Pubdate: Sun, 21 Sep 2008
Source: Victoria Times-Colonist (CN BC)
Copyright: 2008 Times Colonist
Author: Richard Watts
Bookmark: (Methamphetamine - Canada)
Bookmark: (Treatment)


The scourge of crystal meth isn't limited to the male half of the 
population, say people seeking to built a recovery centre in Victoria 
for girls and young women.

"It's equal opportunity. It doesn't discriminate," said Mark 
McLaughlin, president and founder of the Crystal Meth Victoria Society.

McLaughlin said his daughter, now at home and recovering, was 
ensnared by crystal methamphetamine. Now he is working to bring a 
recovery centre for girls to Victoria along the lines of the Beacon 
of Hope House, a six-bed drug recovery facility for boys and young 
men operating in Vic West.

A joint venture of the Salvation Army, VIHA and the provincial 
government, it deals with all forms of drug use but has a special 
focus on crystal meth.

Hope House, as it's commonly called, has a yearly budget of $350,000 
and opened last year.
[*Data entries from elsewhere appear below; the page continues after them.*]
Lemma LM_N1 : as_ = true -> N1_model LM.
Proof.
  intro Has; split; [exact LM_Nw1|]; split; [exact LM_weak|].
  intros; apply (quot_eq eqv); cbn; autorewrite with rep.
  apply d_adj; [apply d_as1 | apply d_as2]; exact Has.
Qed.

Lemma LM_hom : is_hom LM cls.
Proof.
  repeat split; intros; apply (qclass_eq eqv); cbn; rewrite ?(qrepr_class eqv); reflexivity.
Qed.

Lemma F_perp_LM a : F_perp LM (cls a) <-> D a.
Proof. cbn; rewrite (qrepr_class eqv); reflexivity. Qed.

End Lindenbaum.

Section Homomorphism.
Variable M : structure.
Variable h : fm -> car M.
Hypothesis Hh : is_hom M h.

Lemma hom_Ot a b : h (Ot a b) = mot M (h a) (h b).
Proof. apply Hh. Qed.

Lemma hom_Oc a b : h (Oc a b) = moc M (h a) (h b).
Proof. apply Hh. Qed.

Lemma hom_St a : h (St a) = mst M (h a).
Proof. apply Hh. Qed.

Lemma hom_fImp a b : h (fImp a b) = mImp M (h a) (h b).
Proof. unfold fImp, mImp; rewrite hom_St, hom_Oc, hom_St; reflexivity. Qed.

Lemma hom_fIff a b : h (fIff a b) = mIff M (h a) (h b).
Proof. unfold fIff, mIff; rewrite hom_Ot, !hom_fImp; reflexivity. Qed.

Lemma hom_fNe3 a b c : h (fNe3 a b c) = mNe3 M (h a) (h b) (h c).
Proof. unfold fNe3, mNe3, fNiff, mNiff; rewrite !hom_Ot, !hom_St, !hom_fIff; reflexivity. Qed.

Lemma hom_fOplus a b : h (fOplus a b) = mOplus M (h a) (h b).
Proof. unfold fOplus, mOplus; rewrite !hom_St, hom_Ot, !hom_St; reflexivity. Qed.

Lemma hom_repl1 p q c c' : h p = h q -> repl1 p q c c' -> h c = h c'.
Proof.
  intro Hpq; revert c'.
  induction c as [n | a IHa b IHb | a IHa b IHb | a IHa]; intros c' r;
    inversion r; subst; try exact Hpq.
  all: rewrite ?hom_Ot, ?hom_Oc, ?hom_St; f_equal; intuition (subst; auto).
Qed.

End Homomorphism.

Section NwModel.
Variable M : structure.
Hypothesis HM : Nw_model M.
Notation F := (F_perp M).

Lemma mot_comm x y : mot M x y = mot M y x.
Proof. destruct HM as [[Hcomm _] _]; apply Hcomm. Qed.

Lemma moc_comm x y : moc M x y = moc M y x.
Proof. destruct HM as [[_ [Hcomm _]] _]; apply Hcomm. Qed.

Lemma mst_involutive x : mst M (mst M x) = x.
Proof. destruct HM as [[_ [_ [Hinv _]]] _]; apply Hinv. Qed.

Lemma moc_mot_exchange x y z : moc M (mot M x y) z = moc M (mot M x z) y.
Proof. destruct HM as [[_ [_ [_ Hexch]]] _]; apply Hexch. Qed.

Lemma F_mImp x y : F (mImp M x y) <-> pp M x (mst M y).
Proof.
  destruct HM as [_ [_ [_ [Hc [Hd _]]]]].
  unfold F_perp, mImp; rewrite <- Hd, <- Hc; reflexivity.
Qed.

Lemma F_mot x y : F (mot M x y) <-> F x /\ F y.
Proof. destruct HM as [_ [_ [_ [_ [_ [He _]]]]]]; symmetry; apply He. Qed.

Lemma F_mImp_refl x : F (mImp M x x).
Proof. destruct HM as [_ [Ha _]]; apply F_mImp, Ha. Qed.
So far, about 75 clients aged 13 to 19 have 
gone through its doors.

Rhiannon Porcellato, program director at Hope House, said the 
facility has earned a success rate of 65-70 per cent, with "success" 
defined as six months without a relapse into drug use.

Porcellato also said over 200 telephone calls have been received from 
girls, their parents or doctors looking for similar help.

Crystal meth has been around since the 1960s, when it was called 
"speed." But latter-day home recipes, where illicit chemists cook up 
ingredients such as turpentine, cold remedies, rat poison, camp fuel 
and even cat litter, are turning out a potent, more easily ingested form.

Modern crystal meth can be smoked, snorted, eaten or injected. Five 
dollars can get you high for 24 hours. Many drug dealers are selling 
crystal meth but calling it "ecstasy," mixing it with cocaine, even 
sprinkling it on marijuana.

And the harm it causes to a body is far worse than any other narcotic 
now on the market, Porcellato said.

"Crystal meth is by far the worst," she said. "You cold do cocaine 
for five years and not have the damage you have with crystal meth 
within three months."

Users stay awake for days, even weeks at a time, often not eating. A 
body becomes so depleted that natural resistance collapses, sores 
break out all over the skin. Even the teeth and gums rot away, a 
condition known as "meth mouth."

According to people who treat crystal meth addiction, its lingering 
harm to the brain lasts for years and is perhaps even permanent. 
Crystal meth appears to destroy the brain's ability to produce the 
natural body chemicals necessary to experience happiness.

So anybody coming off crystal methamphetamine is prone to crushing 
depression, Porcellato and McLaughlin said.

Right now, besides the six beds at Hope House, five residential 
recovery beds for young people of both sexes exist in Victoria.

Porcellato said Hope House decided to go with boys initially for two 
reasons -- traditionally the Salvation Army has dealt mostly with 
males, and in counselling circles boys are considered a little less 
complicated than girls.

She said girls' addictions are often tied up with eating disorders, 
pregnancy, boyfriends and an involvement in the sex trade.

Hope House is also a new step for the Salvation Army, stepping 
specifically into the youth field. And the organization is watching 
its progress with interest.

"Victoria is sort of a flagship, or a starting point for us," said 
Brian Venables, spokesman for the Salvation Army.